SKOWHEGAN — Selectmen are scheduled to deal with a couple of thorny street issues during their regular meeting Tuesday night — Moody Street and Cowette Street.

The meeting is set to begin at 5:30 p.m. in the assembly room at the Town Office on Water Street.

Some residents of Moody Street want it to be a town street, not a private way, which it is now. And some residents of Cowette Street, one of a couple of town streets that are used as a shortcut between North Avenue and Madison Avenue, want that street changed into a one-way street because of heavy traffic.

Discussion about Moody Street began in December. The street, with just a handful of homes, fell through the cracks when the last six private streets to become town-accepted roads were taken over at Town Meeting in 2010.

The difference between then and now is the fact that all of the landowners in 2010 benefited from the move. This time, there are abutters whose back yards are on Moody Street and might not want to provide easements to allow the street to be a town way.
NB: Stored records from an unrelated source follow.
Lemma markov_small_endpoint_le (b d M t : R) : 1 <= b -> b <= d ->
  (P ([set w | (`|X 0 d b w| < b * t)%R] `&` [set w | (M + t < `|X 0 d 1 w|)%R])
   <= P [set w | (M < `|X 0 b 1 w|)%R])%E.
Proof.
move=> b1 bd; have b_gt0 : 0 < b by exact: lt_le_trans b1.
have d0 : 0 <= d by exact: le_trans (ltW b_gt0) bd.
have mXb1 : measurable_fun setT (X 0 b 1).
  by apply: (mX 0 b 1); [exact: ltW | rewrite ler01].
have mG := measurable_lt_norm M _ mXb1.
have := X_markov 0 d 0 b (le_refl 0) (ltW b_gt0) bd 0 (fun _ => 0) (fun _ => setT) setT
  [set y | `|y| < b * t] 1 (fun _ => 1) (fun _ => [set z | M + t < `|z|]).
move=> /(_ (fun j => ltac:(by case: j))).
move=> /(_ (fun _ => ltac:(by rewrite ler01 b1)) (fun _ => measurableT) measurableT).
have mball : measurable [set y : R | `|y| < b * t] by exact: measurable_ltr_set.
move=> /(_ mball (fun _ => measurable_lt_norm _ _ (@measurable_id _ _ setT))) /=.
rewrite fdd_event_ord0 /fdd_event !set_forall_ord1 !setTI => ->.
apply: le_trans (@ge0_le_integral_nonmeasurable _ _ _ P _
  (cst (P [set w | (M < `|X 0 b 1 w|)%R])) _ _) _.
- by move=> w; rewrite mule_ge0 // lee_fin.
- move=> w; rewrite indicE; case: (boolP (w \in _)) => [/set_mem Xb_small|_]; last first.
    by rewrite mul0e.
  rewrite mul1e /= (X_pinned 0 d d0).1 /linterp !subr0 add0r mul1r set_forall_ord1.
  apply: le_measure; rewrite ?inE //.
    by apply: measurable_lt_norm; apply: measurable_funD.
  move=> w' /= lt_norm; have : `|X 0 d b w / b| < t.
    by rewrite normrM normfV (gtr0_norm b_gt0) ltr_pdivrMr // mulrC.
  have := ler_normD (X 0 d b w / b) (X 0 b 1 w'); lra.
by rewrite integral_cst // [X in (_ * X)%E](_ : _ = 1%E) ?mule1 //; exact: probability_setT.
Qed.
Skowhegan selectmen agreed 5-0 at their last meeting three weeks ago to have the town manager send registered letters to three property owners in the area and to get a cost estimate on a survey to see what the results of making Moody Street a town way would mean to residents and abutters.
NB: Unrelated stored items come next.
Lemma prod_incr_cons (R : comNzRingType) (n : nat) (h : R -> R) (j : 'I_n) s
    (a b : 'I_n -> R) :
  j \notin s -> \prod_i incr h (j :: s) a b i =
  \prod_i incr h s a b i - \prod_i incr h s a (fun i => if i == j then a j else b i) i.
Proof.
move=> js; rewrite (bigD1 j) //= [\prod_i incr h s a b i](bigD1 j) //=.
rewrite [\prod_i incr h s a _ i](bigD1 j) //= /incr eqxx mem_head (negbTE js).
have -> : \prod_(i | i != j) (h (b i) - (if i \in j :: s then h (a i) else 0)) =
    \prod_(i | i != j) (h (b i) - (if i \in s then h (a i) else 0)).
  by apply: eq_bigr => i ij; rewrite in_cons (negbTE ij).
have -> : \prod_(i | i != j) (h (if i == j then a j else b i) - (if i \in s then h (a i) else 0))
    = \prod_(i | i != j) (h (b i) - (if i \in s then h (a i) else 0)).
  by apply: eq_bigr => i /negbTE ->.
by ring.
Qed.

Section measurable_sets.
Context {d : measure_display} {T : measurableType d}.
Local Open Scope classical_set_scope.

Lemma measurable_bool_set (f : T -> bool) :
  measurable_fun setT f -> measurable [set t | f t].
Proof.
move=> mf; rewrite (_ : [set t | f t] = f @^-1` [set true]); last by apply/seteqP; split.
by rewrite -[X in measurable X]setTI; exact: mf.
Qed.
In the meantime, the town will continue “in good faith” to plow the street.

The short, dog-leg street with three houses on it behind the Skowhegan-Madison Elks Lodge is technically not a town street like all the others in Skowhegan. It’s a private road, but it’s been plowed by the town for decades.

Town Manager Christine Almand said Monday that selectmen will have taken all the information gathered over the past three weeks and come up with a solution, which could mean closing Moody Street as a public way.

“They will determine whether to finally say we are finally going to pursue it as a town road or we’re not,” Almand said. “If it’s determined we’re not going to pursue it as a town road, then legally we have to stop plowing and doing any maintenance to that road.”

A legal opinion from the town attorney said it is against the Maine Constitution for a municipality to spend taxpayer money maintaining or cleaning up private property, which board Chairman Don Skillings said at the last meeting in January made him uncomfortable.

Almand said Monday the town has limited options if officials are unable to obtain easements from the abutters to Moody Street.

The other issue raised last month was about whether it is reasonable or even legal to stop a service such as snow plowing in an area that has been served for decades without first taking the question to residents at a town meeting.

Another issue is what would happen if there was a medical or fire emergency on Moody Street if the road is not plowed.

Almand sent out letters to the five abutters on Hanover Street, to one on Smith Street and to the Skowhegan-Madison Elks lodge.

Skip Hodgdon, chairman of the Elks lodge board of trustees, said in a letter that his board “has no interest” in seeing the section of Moody Street that crosses their property becoming a town-accepted road. They are not in favor of giving up any of their parking lot behind the lodge, which is on Silver Street.

Almand said the estimated cost of the survey would come in at about $1,950, a cost that could be picked up by the town’s legal fund. She said town officials are not sure, without a survey, where the property lines are and how much of Moody Street is on Elks property.

The Elks lodge also owns a house on Hanover Street that sits next to the club’s parking lot, Almand said. The mail box for that house is on Moody Street, further complicating the matter.

“The town at this point, with abutters either not wanting to grant easements or being wary of granting easements, it’s going to be difficult to make it a town road,” Almand said. “But if they want to pursue that, they need to go forward with the survey to see how it affects people’s properties.”

Charles and Helene Bolstridge, both 78, say they’ve lived on Moody Street since the mid-1980s, and they’re afraid town snow plows will stop coming, even as a blizzard raged outside their home on Monday.